From a handwritten diary held by the Brunel Institute
I have now been laid up quite useless for 14 weeks and upwards, ever since the 14th January. I shan’t forget that day in a hurry, very near finished my journey then; when the danger is over, it is rather amusing than otherwise – while it existed I can’t say the feeling was at all uncomfortable. If I was to say the contrary, I should be nearer the truth in this instance. While exertions could still be made and hope remained of stopping the ground it was an excitement which has always been a luxury to me. When we were obliged to run, I felt nothing in particular; I was only thinking of the best way of getting us on and the probable states of the arches. When knocked down, I certainly gave myself up, but I took it very much as a matter of course, which I had expected the moment we quitted the frames, for I never expected we should get out. The instant I disengaged myself and got breath again – all dark – I bolted into the other arch – this saved me by laying hold of the railrope – the engine must have stopped a minute. I stood still nearly a minute. I was anxious for poor Ball and Collins, who I felt too sure had never risen from the fall we had all had and were, as I thought, crushed under the great stage. I kept calling them by name to encourage them and make them also (if still able) come through the opening. While standing there the effect was – grand – the roar of the rushing water in a confined passage, and by its velocity rushing past the opening was grand, very grand. I cannot compare it to anything, cannon can be nothing to it. At last it came bursting through the opening. I was then obliged to be off – but up to that moment, as far as my sensations were concerned, and distinct from the idea off the loss of six poor fellows whose death I could not then foresee, kept there.”

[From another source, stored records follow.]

Definition Fmat (R : realType) (n : nat) (T D : 'M[R]_n) (w : R) : 'M[R]_(n + n) :=
  (2 * w)^-1 *: ((w%:M + Tblk T) *m (w%:M + Dblk D)).
Definition Gmat (R : realType) (n : nat) (T D : 'M[R]_n) (w : R) : 'M[R]_(n + n) :=
  (2 * w)^-1 *: ((w%:M - Tblk T) *m (w%:M - Dblk D)).
Definition Lmat (R : realType) (n : nat) (T D : 'M[R]_n) (w : R) : 'M[R]_(n + n) :=
  invmx (Fmat T D w) *m Gmat T D w.

Definition tban_half (R : realType) (n : nat) (T D : 'M[R]_n) (w : R)
  (f x : 'cV[R]_(n + n)) : 'cV[R]_(n + n) :=
  invmx (w%:M + Tblk T) *m ((w%:M - Dblk D) *m x + f).
Definition tban_step (R : realType) (n : nat) (T D : 'M[R]_n) (w : R)
  (f x : 'cV[R]_(n + n)) : 'cV[R]_(n + n) :=
  invmx (w%:M + Dblk D) *m ((w%:M - Tblk T) *m tban_half T D w f x + f).
Definition tban_seq (R : realType) (n : nat) (T D : 'M[R]_n) (w : R)
  (f x0 : 'cV[R]_(n + n)) (k : nat) : 'cV[R]_(n + n) :=
  iter k (tban_step T D w f) x0.

(* lambda_max: maximum diagonal entry of D (n > 0 and entries are >= 0,
   so starting the fold at 0 is harmless). *)
Definition lambda_max (R : realType) (n : nat) (D : 'M[R]_n) : R :=
  \big[Num.max/0]_(i < n) D i i.

Definition sigma (R : realType) (lmax w : R) : R :=
  Num.sqrt (((w - 1) ^+ 2 + lmax ^+ 2) / ((w + 1) ^+ 2 + lmax ^+ 2)).

From mathcomp Require Import all_boot all_order all_algebra.
From mathcomp Require Import all_classical all_reals all_analysis.
From mathcomp Require Import complex.
From mathcomp Require Import ring lra.
Set Implicit Arguments. Unset Strict Implicit. Unset Printing Implicit Defensive.
Import Order.TTheory GRing.Theory Num.Theory numFieldNormedType.Exports.
Local Open Scope ring_scope.
Local Open Scope classical_set_scope.

(* Write |x| for the Euclidean norm.  For skew-symmetric S,
   |(aI + S) v|^2 = a^2 |v|^2 + |S v|^2, so aI + S is invertible when a <> 0
   and |(aI - S) v| = |(aI + S) v|.  For symmetric S the matrix Tblk S is
   skew-symmetric, and Rblk T D = I + Tblk (T - D),
   wI + Dblk D = (w + 1) I - Tblk D, wI - Dblk D = (w - 1) I + Tblk D, with
   |Tblk D x| <= lambda_max |x|; this gives the invertibility statements and
   |(wI - Dblk D) x| <= sigma(w) |(wI + Dblk D) x|.  Since
   (wI + Dblk D) L = (wI - Tblk T) (wI + Tblk T)^-1 (wI - Dblk D) and the
   Cayley factor is an isometry, L contracts by sigma(w) in the norm
   x |-> |(wI + Dblk D) x|.  The iteration errors satisfy e_(k+1) = L e_k and so
   decay geometrically; applied to the real and imaginary parts of a complex
   eigenvector, the contraction bounds every eigenvalue of L by sigma(w). *)

Lemma unitmx_ker0 (F : fieldType) m (A : 'M[F]_m) :
  (forall x : 'cV[F]_m, A *m x = 0 -> x = 0) -> A \in unitmx.
Proof.
move=> ker0; rewrite unitmxE unitfE -det_tr; apply/det0P => -[v v0 vA0].
have := ker0 v^T; rewrite -[A]trmxK -trmx_mul vA0 trmx0 => /(_ erefl) /eqP.
by rewrite trmx_eq0 (negbTE v0).
Qed.

Section SquaredNorm.
Variable R : realFieldType.

Definition sqnorm (m : nat) (v : 'cV[R]_m) : R := \sum_i v i 0 ^+ 2.

Lemma sqnorm_ge0 m (v : 'cV[R]_m) : 0 <= sqnorm v.
Proof. by apply: sumr_ge0 => i _; rewrite sqr_ge0. Qed.

Lemma sqr_coord_le_sqnorm m (v : 'cV[R]_m) i : v i 0 ^+ 2 <= sqnorm v.
Proof. by rewrite /sqnorm (bigD1 i) //= lerDl sumr_ge0 // => j _; rewrite sqr_ge0. Qed.

Lemma sqnorm_eq0 m (v : 'cV[R]_m) : (sqnorm v == 0) = (v == 0).
Proof.
apply/eqP/eqP => [v0|->]; last by rewrite /sqnorm big1 // => i _; rewrite mxE expr0n.
apply/matrixP => i j; rewrite (ord1 j) mxE; apply/eqP; rewrite -sqrf_eq0 eq_le.
by rewrite -[X in _ <= X]v0 sqr_coord_le_sqnorm sqr_ge0.
Qed.

Lemma sqnormN m (v : 'cV[R]_m) : sqnorm (- v) = sqnorm v.
Proof. by apply: eq_bigr => i _; rewrite mxE sqrrN. Qed.

Lemma sqnormZ m a (v : 'cV[R]_m) : sqnorm (a *: v) = a ^+ 2 * sqnorm v.
Proof. by rewrite /sqnorm mulr_sumr; apply: eq_bigr => i _; rewrite mxE exprMn. Qed.

Lemma sqnormD m (u v : 'cV[R]_m) :
  sqnorm (u + v) = sqnorm u + 2 * (u^T *m v) 0 0 + sqnorm v.
Proof.
rewrite /sqnorm mxE mulr_sumr -!big_split /=; apply: eq_bigr => i _.
by rewrite !mxE; ring.
Qed.

Lemma sqnorm_col_mx m1 m2 (u : 'cV[R]_m1) (v : 'cV[R]_m2) :
  sqnorm (col_mx u v) = sqnorm u + sqnorm v.
Proof.
by rewrite /sqnorm big_split_ord; congr (_ + _); apply: eq_bigr => i _;
  rewrite ?col_mxEu ?col_mxEd.
Qed.

Lemma skew_form_eq0 m (S : 'M[R]_m) (v : 'cV[R]_m) :
  S^T = - S -> (v^T *m (S *m v)) 0 0 = 0.
Proof.
move=> skewS; set s := v^T *m (S *m v).
have : s^T = - s by rewrite /s !trmx_mul trmxK skewS mulmxN mulNmx mulmxA.
by move/matrixP/(_ 0 0); rewrite !mxE; lra.
Qed.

The sight and the whole affair was well worth the risk and I would willingly pay my share, £50 about, of the expenses of such a ‘spectacle’. Reaching the shaft, I was much too bothered with my knee and some other thumps to remember much.
If I had been kept under another minute when knocked down I should not have suffered more, and I trust I was tolerably fit to die. If, therefore, the occurrence itself was rather a gratification than otherwise and the consequences in no way unpleasant I need not attempt to avoid such. My being in bed at present, tho’ no doubt arising from the effects of my straining, was immediately caused by me returning too soon to a full diet at Brighton; had I been properly warned of this, I might now have been hard at work at the tunnel. But all is for the best.